よーだ育休中

ベイブのよーだ育休中のレビュー・感想・評価

ベイブ(1995年製作の映画)
4.0
英の児童文学作品"The Sheep Pig"を映像化。CGやアニマトロニクス等の特殊効果を用いて童話の世界観を見事に表現している。

子豚のBabeは、収穫祭の景品として牧場主・Arthur Hoggett(James Cromwell)に引き取られる。妻のEsme(Magda Szubanski)はハムやソーセージが作れると喜ぶが、ArthurはBabeとの間に不思議な縁を感じていた。


無口な農場主の営むホゲット農場の日常がのんびり、ほのぼの、教訓を交えて描かれる。

冒頭の近代的な養豚場。宇宙船のように登場したトラックに乗せられて親豚たちが出荷されていくシーンや、現代的な娘夫婦家族たち(FAXを勧めたりCMで流れている大量生産の玩具がいいと駄々を捏ねる孫など)と対比され、牧歌的な雰囲気が強調されている。


牧場で暮らす動物たちが独自の社会性を持っているのが面白い。"羊と牧羊犬の(お互いに莫迦だと思っている)関係"や"ラッダイトまがいのアヒル"、"生きた豚は家に入れない"などなど。

牧場での日常を描く中で、中心的なストーリーとして牧羊犬のFlyに育てられたBabeが立派な牧羊"豚"になるエピソードが据えられている。心優しく善良なのに型破りな子豚と、巻き込まれながら徐々に影響を受けていく周囲の動物たちが非常に印象的。

"純粋な心は周囲の偏見を変える"
"礼儀正しく頼むこと"


様々な教訓に富む本作であるが、"菜食主義"や"反屠殺"への反響が強かったという。農場主を演じたJames Cromwellは出演を機にヴィーガンになったとか。

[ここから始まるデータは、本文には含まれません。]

(* Let $(M,g)$ be a spherically symmetric spacetime and let $V\subset M$ be a region covered by comoving coordinates $(t,R,\theta,\psi)$ with $0\le t<T$ and $0\le R<R_b$, for some $T\in(0,+\infty]$ and $R_b>0$, in which \[ g=-e^{2\Phi}\,dt^2+e^{2\Psi}\,dR^2+r^2\,d\Omega^2,\qquad u=e^{-\Phi}\partial_t, \] where $\Phi,\Psi,r$ are functions of $(t,R)$ and $d\Omega^2=d\theta^2+\sin^2\theta\, d\psi^2$. Assume the coordinates are normalized so that $\Phi(t,R_b)=0$ and $r(0,R)=R$. Let $\sigma>0$ be a constant and let $(g,\rho,n,u,\phi)$ be a spherically symmetric solution on $V$ of the following system describing a pressureless fluid (dust, $p=0$) with energy density $\rho$, particle number density $n$ and four-velocity $u$, together with a scalar field $\phi$: \[ \nabla_\mu(\rho u^\mu)=\sigma n,\qquad \rho\, u^\mu\nabla_\mu u^\nu=0,\qquad \nabla_\mu(n u^\mu)=0, \] \[ R_{\mu\nu}-\tfrac12 g_{\mu\nu}\mathcal R+\phi\, g_{\mu\nu}=T_{\mu\nu},\qquad \nabla_\nu\phi=\sigma J_\nu, \] where $T^{\mu\nu}=\rho u^\mu u^\nu$, $J^\mu=n u^\mu$, $R_{\mu\nu}$ is the Ricci tensor and $\mathcal R$ the scalar curvature of $g$ (units $8\pi G=c=1$). Assume $\rho$ and $n$ are nowhere vanishing on $V$. Then $\rho$, $n$ and $\phi$ are functions of $t\in[0,T)$ only, and there exist a positive function $a:[0,T)\to(0,\infty)$ and a constant $k\in\mathbb R$ such that on $V$ \[ g=-dt^2+a(t)^2\Big(\frac{dR^2}{1-kR^2}+R^2d\Omega^2\Big),\qquad u=\partial_t. \]
   Context: The fluid is a perfect fluid with zero pressure; the system above is the projection (along $u$ and orthogonal to $u$) of the diffusion equation $\nabla_\mu T^{\mu\nu}=\sigma J^\nu$ with $p=0$, together with particle number conservation, the Einstein equations with the scalar field $\phi$ (whose energy-momentum tensor is $-\phi g_{\mu\nu}$), and the scalar field equation. Comoving coordinates are coordinates in which the fluid four-velocity is proportional to $\partial_t$; the center of symmetry is $r=0$. *)

From Stdlib Require Import Reals Lra.
From Coquelicot Require Import Coquelicot.
Open Scope R_scope.

(* A spacetime point in the chart: x 0 = t, x 1 = R, x 2 = theta, x 3 = psi. *)
Definition point := nat -> R.

Definition upd (x : point) (i : nat) (h : R) : point :=
  fun j => if Nat.eqb j i then h else x j.

Definition pd (f : point -> R) (i : nat) (x : point) : R :=
  Derive (fun h => f (upd x i h)) (x i).

Definition sum4 (f : nat -> R) : R := sum_f_R0 f 3.

Definition metric := point -> nat -> nat -> R.

Definition Gamma (g gi : metric) (x : point) (a b c : nat) : R :=
  / 2 * sum4 (fun d => gi x a d *
     (pd (fun y => g y d c) b x + pd (fun y => g y d b) c x
      - pd (fun y => g y b c) d x)).

Definition Ricci (g gi : metric) (x : point) (b c : nat) : R :=
  sum4 (fun a =>
    pd (fun y => Gamma g gi y a b c) a x
    - pd (fun y => Gamma g gi y a b a) c x
    + sum4 (fun d => Gamma g gi x a a d * Gamma g gi x d b c
                     - Gamma g gi x a c d * Gamma g gi x d b a)).

Definition Scal (g gi : metric) (x : point) : R :=
  sum4 (fun b => sum4 (fun c => gi x b c * Ricci g gi x b c)).

Definition cov_div (g gi : metric) (V : point -> nat -> R) (x : point) : R :=
  sum4 (fun m => pd (fun y => V y m) m x
                 + sum4 (fun l => Gamma g gi x m m l * V x l)).

Definition accel (g gi : metric) (u : point -> nat -> R) (x : point) (nu : nat) : R :=
  sum4 (fun m => u x m * pd (fun y => u y nu) m x
                 + sum4 (fun l => Gamma g gi x nu m l * u x m * u x l)).

Definition lower (g : metric) (V : point -> nat -> R) (x : point) (m : nat) : R :=
  sum4 (fun a => g x m a * V x a).

Definition gSph (Phi Psi r : R -> R -> R) : metric :=
  fun x m n =>
    match m, n with
    | 0, 0 => - exp (2 * Phi (x 0%nat) (x 1%nat))
    | 1, 1 => exp (2 * Psi (x 0%nat) (x 1%nat))
    | 2, 2 => (r (x 0%nat) (x 1%nat)) ^ 2
    | 3, 3 => (r (x 0%nat) (x 1%nat)) ^ 2 * (sin (x 2%nat)) ^ 2
    | _, _ => 0
    end.

Definition gSphInv (Phi Psi r : R -> R -> R) : metric :=
  fun x m n =>
    match m, n with
    | 0, 0 => - exp (- (2 * Phi (x 0%nat) (x 1%nat)))
    | 1, 1 => exp (- (2 * Psi (x 0%nat) (x 1%nat)))
    | 2, 2 => / (r (x 0%nat) (x 1%nat)) ^ 2
    | 3, 3 => / ((r (x 0%nat) (x 1%nat)) ^ 2 * (sin (x 2%nat)) ^ 2)
    | _, _ => 0
    end.

Definition uSph (Phi : R -> R -> R) : point -> nat -> R :=
  fun x m => match m with
             | 0 => exp (- Phi (x 0%nat) (x 1%nat))
             | _ => 0
             end.

Definition lift (f : R -> R -> R) : point -> R := fun x => f (x 0%nat) (x 1%nat).

Definition gFLRW (a : R -> R) (k : R) : metric :=
  fun x m n =>
    match m, n with
    | 0, 0 => -1
    | 1, 1 => (a (x 0%nat)) ^ 2 / (1 - k * (x 1%nat) ^ 2)
    | 2, 2 => (a (x 0%nat)) ^ 2 * (x 1%nat) ^ 2
    | 3, 3 => (a (x 0%nat)) ^ 2 * (x 1%nat) ^ 2 * (sin (x 2%nat)) ^ 2
    | _, _ => 0
    end.

Definition uStatic : point -> nat -> R :=
  fun x m => match m with 0 => 1 | _ => 0 end.

Definition d_t (f : R -> R -> R) : R -> R -> R := fun t y => Derive (fun s => f s y) t.
Definition d_R (f : R -> R -> R) : R -> R -> R := fun t y => Derive (fun s => f t s) y.

Fixpoint Ck (k : nat) (f : R -> R -> R) (U : R -> R -> Prop) : Prop :=
  match k with
  | O => forall t y, U t y -> continuity_2d_pt f t y
  | S k' => (forall t y, U t y ->
               ex_derive (fun s => f s y) t /\ ex_derive (fun s => f t s) y)
            /\ Ck k' f U /\ Ck k' (d_t f) U /\ Ck k' (d_R f) U
  end.

Definition smooth_on (f : R -> R -> R) (U : R -> R -> Prop) : Prop :=
  forall k, Ck k f U.

Definition open2 (U : R -> R -> Prop) : Prop :=
  forall t y, U t y -> exists eps, 0 < eps /\
    forall t' y', Rabs (t' - t) < eps -> Rabs (y' - y) < eps -> U t' y'.

From Stdlib Require Import Reals Lra Lia.
From Coquelicot Require Import Coquelicot.
Open Scope R_scope.
Set Bullet Behavior "Strict Subproofs".

(* The radial component of the geodesic equation forces [d_R Phi = 0], so with the
   boundary normalization the lapse vanishes and [u = d_t]. The scalar field equation
   then gives [d_R phi = 0] and [d_t phi = - sigma n], so [phi] and [n] depend on [t]
   only. Particle conservation makes [n e^Psi r^2] constant in time; together with the
   [01] Einstein equation [d_R d_t r = d_t Psi d_R r] it makes [n r^3] constant in time,
   whence [r = a(t) R] and [e^Psi = a(t) e^Psi(0,R)]. Equating the [11] and [22] Einstein
   equations gives [R d_R Psi(0,R) = e^(2 Psi(0,R)) - 1], i.e. [e^(-2 Psi(0,R)) = 1 - k R^2],
   and the [00] equation expresses [rho] through [a], its derivatives and [k] alone. Everything is derived on
   the equator [theta = PI/2] of the open chart and extended to [t = 0], [R = 0] by
   continuity. *)

Lemma continuity_2d_pt_fst (f : R -> R -> R) t y :
  continuity_2d_pt f t y -> continuity_pt (fun s => f s y) t.
Proof.
  intros Hf eps Heps. destruct (Hf (mkposreal eps Heps)) as [d Hd].
  exists d. split; [apply cond_pos|]. intros s [_ Hs]; simpl in *; unfold R_dist in *.
  apply Hd; [exact Hs | rewrite Rminus_diag, Rabs_R0; apply cond_pos].
Qed.

Lemma continuity_2d_pt_snd (f : R -> R -> R) t y :
  continuity_2d_pt f t y -> continuity_pt (fun s => f t s) y.
Proof.
  intros Hf eps Heps. destruct (Hf (mkposreal eps Heps)) as [d Hd].
  exists d. split; [apply cond_pos|]. intros s [_ Hs]; simpl in *; unfold R_dist in *.
  apply Hd; [rewrite Rminus_diag, Rabs_R0; apply cond_pos | exact Hs].
Qed.

Lemma ex_derive_continuity_pt (f : R -> R) x : ex_derive f x -> continuity_pt f x.
Proof. intros Hf. apply continuity_pt_filterlim, (ex_derive_continuous f x Hf). Qed.

Lemma Derive_0_is_derive (f : R -> R) x : ex_derive f x -> Derive f x = 0 -> is_derive f x 0.
Proof. intros Hf Hd. rewrite <- Hd. apply Derive_correct, Hf. Qed.

Lemma null_derivative_eq (f : R -> R) a b : a < b ->
  (forall x, a < x < b -> is_derive f x 0) ->
  (forall x, a <= x <= b -> continuity_pt f x) -> f a = f b.
Proof.
  intros Hab Hd Hc.
  destruct (MVT_gen f a b (fun _ => 0)) as [c [_ Hfc]];
    rewrite ?Rmin_left, ?Rmax_right by lra; auto; lra.
Qed.

Lemma null_derivative_open (f : R -> R) a b :
  (forall x, a < x < b -> is_derive f x 0) ->
  forall u v, a < u < b -> a < v < b -> f u = f v.
Proof.
  intros Hd.
  assert (Hc : forall x, a < x < b -> continuity_pt f x).
  { intros x Hx. apply ex_derive_continuity_pt. eexists; eauto. }
  assert (Hle : forall u v, a < u < b -> a < v < b -> u < v -> f u = f v).
  { intros u v Hu Hv Huv.
    apply null_derivative_eq; [exact Huv | intros x Hx; apply Hd | intros x Hx; apply Hc]; lra. }
  intros u v Hu Hv. destruct (Rtotal_order u v) as [H|[H|H]].
  - auto.
  - subst; reflexivity.
  - symmetry; auto.
Qed.

Lemma eq_at_right_limit (f g : R -> R) a beta :
  continuity_pt f a -> continuity_pt g a -> 0 < beta ->
  (forall x, a < x < a + beta -> f x = g x) -> f a = g a.
Proof.
  intros Hf Hg Hb Hfg. apply continuity_pt_filterlim in Hf, Hg.
  apply (filterlim_locally_unique (F := at_right a) f).
  - eapply filterlim_filter_le_1; [apply filter_le_within | exact Hf].
  - apply (filterlim_ext_loc g).
    + exists (mkposreal _ Hb). intros x Hx Hax. symmetry. apply Hfg.
      apply Rabs_def2 in Hx; simpl in Hx. unfold minus, plus, opp in Hx; simpl in Hx. lra.
    + eapply filterlim_filter_le_1; [apply filter_le_within | exact Hg].
Qed.

Lemma locally_open_interval a b x : a < x < b -> locally x (fun h => a < h < b).
Proof.
  intros Hx. assert (He : 0 < Rmin (x - a) (b - x)) by (apply Rmin_pos; lra).
  exists (mkposreal _ He). intros h Hh. apply Rabs_def2 in Hh; simpl in Hh.
  unfold minus, plus, opp in Hh; simpl in Hh.
  generalize (Rmin_l (x - a) (b - x)) (Rmin_r (x - a) (b - x)). lra.
Qed.

Lemma locally_pos_Rbar_lt (T : Rbar) t : 0 < t -> Rbar_lt t T ->
  locally t (fun h => 0 < h /\ Rbar_lt h T).
Proof.
  intros Ht HT. destruct T as [T| |]; simpl in HT; [| |contradiction].
  - generalize (locally_open_interval 0 T t (conj Ht HT)). apply filter_imp. simpl; tauto.
  - generalize (locally_open_interval 0 (t + 1) t (conj Ht (Rlt_plus_1 t))).
    apply filter_imp. simpl; tauto.
Qed.

Lemma Rbar_lt_right_interval (T : Rbar) (t : R) : Rbar_lt t T ->
  exists beta, 0 < beta /\ forall u, t <= u < t + beta -> Rbar_lt u T.
Proof.
  intros HT. destruct T as [T| |]; simpl in HT; [| |contradiction].
  - exists (T - t). split; [lra|]. intros u Hu; simpl; lra.
  - exists 1. split; [lra|]. intros; exact I.
Qed.

Lemma Rbar_lt_le_compat (T : Rbar) s t : s <= t -> Rbar_lt t T -> Rbar_lt s T.
Proof. intros Hst. apply (Rbar_le_lt_trans s t T Hst). Qed.

Lemma pow3_inj x y : 0 < x -> 0 < y -> x ^ 3 = y ^ 3 -> x = y.
Proof.
  intros Hx Hy E. destruct (Rtotal_order x y) as [H|[H|H]]; [|exact H|].
  - assert (x * x < y * y) by nra. nra.
  - assert (y * y < x * x) by nra. nra.
Qed.

Section SmoothOn.
Variables (f : R -> R -> R) (U : R -> R -> Prop) (t y : R).
Hypotheses (Hf : smooth_on f U) (HU : U t y).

勿論そういう感想も有りだとは思う。知能が高く、従順ながらも"食べられたくない"と奔走する子豚やアヒルを観れば可哀想だと感じる。(現にベイブを演じた子豚たちが、最終的には彼らの《役割》を全うしたと知った時、少しやるせない気持ちになった。)

それでも過度に情緒的な受け取り方をするのではなく、毎日食卓に並ぶお皿は当たり前に享受出来るものじゃないんだと。命を頂くこと、生産者や作り手も含めて感謝することを知るべきなんじゃないかなぁ。